Subsection 2.4.1 First concepts

Definition of matrix multiplication.

The definition of matrix multiplication is very different from that of addition and subtraction. Suppose we have two matrices \(A\) and \(B\) with respective sizes \(m\times n\) and \(r\times s.\) The product of A and B is defined if and only if \(n=r\), that is, the number of columns of \(A\) is equal to the number of rows of \(B.\) When this is the case, the matrices are said to be conformable for multiplication, and it is possible to evaluate the product \(AB\text{.}\)

Definition 2.4.1. Matrix multiplication.

Consider the entries in row \(R_i\) of the matrix \(A\text{:}\) \(a_{i,1}, a_{i,2},\dots, a_{i,n}\) and also the entries in column \(C_j\) of the matrix \(B:\) \(b_{1,j}, b_{2,j},\dots, b_{r,j}.\)
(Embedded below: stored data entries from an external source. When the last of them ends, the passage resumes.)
(* Let $(X,\to)$ be a transition system over $A$ (of arbitrary branching type). Then $\mathit{lo}_t$ is $c_t$-compatible, i.e. $\mathit{lo}_t(c_t(\mathcal S))\subseteq c_t(\mathit{lo}_t(\mathcal S))$ for every $\mathcal S\subseteq\mathcal P(X)$.
   Context: $\Diamond_a(S)=\{x\mid\exists x'\in S\colon x\xrightarrow{a}x'\}$; $\mathit{lo}_t(\mathcal S)=\bigcup_{a\in A}\{\Diamond_a(S)\mid S\in\mathcal S\}\cup\{X\}$. $\alpha_t(\mathcal S)=\{(X_1,X_2)\in\mathcal P(X)^2\mid\forall S\in\mathcal S\colon(X_1\cap S\neq\emptyset\iff X_2\cap S\neq\emptyset)\}$, $\gamma_t(R)=\{S\subseteq X\mid\forall(X_1,X_2)\in R\colon(X_1\cap S\neq\emptyset\iff X_2\cap S\neq\emptyset)\}$ for equivalences $R$ on $\mathcal P(X)$, and $c_t=\gamma_t\circ\alpha_t$. *)

(* Sets over X are predicates X -> Prop; families of sets
   (subsets of P(X)) are predicates (X -> Prop) -> Prop. Equality of sets is
   extensional (seteq). *)
Set Implicit Arguments.

Definition seteq {X : Type} (S T : X -> Prop) : Prop := forall x, S x <-> T x.

Definition meets {X : Type} (S T : X -> Prop) : Prop := exists x, S x /\ T x.

Definition diamond {X A : Type} (step : X -> A -> X -> Prop) (a : A)
  (S : X -> Prop) : X -> Prop :=
  fun x => exists x', S x' /\ step x a x'.

Definition lo_t {X A : Type} (step : X -> A -> X -> Prop)
  (SS : (X -> Prop) -> Prop) : (X -> Prop) -> Prop :=
  fun T => (exists (a : A) (S : X -> Prop), SS S /\ seteq T (diamond step a S))
           \/ seteq T (fun _ => True).

Definition alpha_t {X : Type} (SS : (X -> Prop) -> Prop)
  : (X -> Prop) -> (X -> Prop) -> Prop :=
  fun X1 X2 => forall S, SS S -> (meets X1 S <-> meets X2 S).

Definition gamma_t {X : Type} (R : (X -> Prop) -> (X -> Prop) -> Prop)
  : (X -> Prop) -> Prop :=
  fun S => forall X1 X2, R X1 X2 -> (meets X1 S <-> meets X2 S).

Definition c_t {X : Type} (SS : (X -> Prop) -> Prop) : (X -> Prop) -> Prop :=
  gamma_t (alpha_t SS).

Definition fam_subset {X : Type} (SS TT : (X -> Prop) -> Prop) : Prop :=
  forall S, SS S -> TT S.

From Stdlib Require Import Setoid.

(* A set meets [diamond step a S] iff its a-successor set meets [S].  Hence
   two sets that meet the same members of [lo_t step SS] have a-successor sets
   that meet the same members of [SS], hence also the same members of
   [c_t SS], and therefore the original sets meet the same [diamond step a S]
   for [S] in [c_t SS].  The full set is in [lo_t step SS] outright. *)

Lemma meets_seteq_r {X : Type} (Y : X -> Prop) {T U : X -> Prop} :
  seteq T U -> (meets Y T <-> meets Y U).
Proof.
  intros HTU; split; intros [x [Yx Hx]]; exists x; split; auto; apply HTU; auto.
Qed.

Lemma gamma_t_seteq {X : Type} {R : (X -> Prop) -> (X -> Prop) -> Prop}
  {T U : X -> Prop} :
  seteq T U -> gamma_t R U -> gamma_t R T.
Proof.
  intros HTU HU X1 X2 H12.
  rewrite (meets_seteq_r X1 HTU), (meets_seteq_r X2 HTU).
  exact (HU X1 X2 H12).
Qed.

Section Transitions.

Context {X A : Type} (step : X -> A -> X -> Prop).

Definition post (a : A) (Y : X -> Prop) : X -> Prop :=
  fun x' => exists x, Y x /\ step x a x'.

Lemma meets_diamond (a : A) (Y S : X -> Prop) :
  meets Y (diamond step a S) <-> meets (post a Y) S.
Proof.
  split.
  - intros [x [Yx [x' [Sx' st]]]]. exists x'; split; [exists x; auto | exact Sx'].
  - intros [x' [[x [Yx st]] Sx']]. exists x; split; [exact Yx | exists x'; auto].
Qed.

Lemma lo_t_diamond {SS : (X -> Prop) -> Prop} (a : A) {S : X -> Prop} :
  SS S -> lo_t step SS (diamond step a S).
Proof. intros HS; left; exists a, S; split; [exact HS | intros x; tauto]. Qed.

Lemma lo_t_full (SS : (X -> Prop) -> Prop) : lo_t step SS (fun _ => True).
Proof. right; intros x; tauto. Qed.

Lemma alpha_t_lo_t_post {SS : (X -> Prop) -> Prop} (a : A) {X1 X2 : X -> Prop} :
  alpha_t (lo_t step SS) X1 X2 -> alpha_t SS (post a X1) (post a X2).
Proof.
  intros H12 S HS.
  rewrite <- !meets_diamond.
  exact (H12 _ (lo_t_diamond a HS)).
Qed.

Lemma c_t_diamond {SS : (X -> Prop) -> Prop} (a : A) {S : X -> Prop} :
  c_t SS S -> c_t (lo_t step SS) (diamond step a S).
Proof.
  intros HS X1 X2 H12.
  rewrite !meets_diamond.
  exact (HS _ _ (alpha_t_lo_t_post a H12)).
Qed.

Lemma c_t_lo_t_full (SS : (X -> Prop) -> Prop) :
  c_t (lo_t step SS) (fun _ => True).
Proof. intros X1 X2 H12; exact (H12 _ (lo_t_full SS)). Qed.

End Transitions.

Theorem mainTheorem11 (X A : Type) (step : X -> A -> X -> Prop)
  (SS : (X -> Prop) -> Prop) :
  fam_subset (lo_t step (c_t SS)) (c_t (lo_t step SS)).
Proof.
  intros T [[a [S [HS HT]]] | HT]; apply (gamma_t_seteq HT).
  - exact (c_t_diamond step a HS).
  - exact (c_t_lo_t_full step SS).
Qed.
\begin{equation*} A=\begin{bmatrix} \amp\amp\vdots \\ \color{red}{a_{i,1}} \amp \color{red}{a_{i,2}}\amp\cdots\amp \color{red}{a_{i,n}} \rlap{\hbox{$\quad R_i$}}\\ \amp\amp\vdots \end{bmatrix} \qquad\quad \begin{matrix} B=\begin{bmatrix} \cdots\amp \color{green}{b_{1,j}}\amp\cdots\\ \cdots\amp \color{green}{b_{2,j}}\amp\cdots\\ \amp\vdots\\ \cdots\amp \color{green}{b_{r,j}}\amp\cdots \end{bmatrix} \\ \qquad C_j \end{matrix} \end{equation*}

Then for \(C=AB\text{,}\) each \(c_{i,j}\) is computed in the following way:

\begin{equation*} c_{i,j}= \color{red}{a_{i,1}}\color{green}{b_{1,j}}+ \color{red}{a_{i,2}}\color{green}{b_{2,j}}+\cdots + \color{red}{a_{i,n}}\color{green}{b_{r,j}} \end{equation*}

Notice that the assumption \(n=r\) implies that there is just the right number of entries in the rows of \(A\) and columns of \(B\) to allow \(c_{i,j}\) to be defined. The number \(c_{i,j}\) is also called the inner product of row \(R_i\) of \(A\) and column \(C_j\) of \(B.\) This product is written as

\begin{equation*} c_{i,j}=R_i\cdot C_j \end{equation*}

Notice that this definition implies that the size of the product is \(m\times s.\)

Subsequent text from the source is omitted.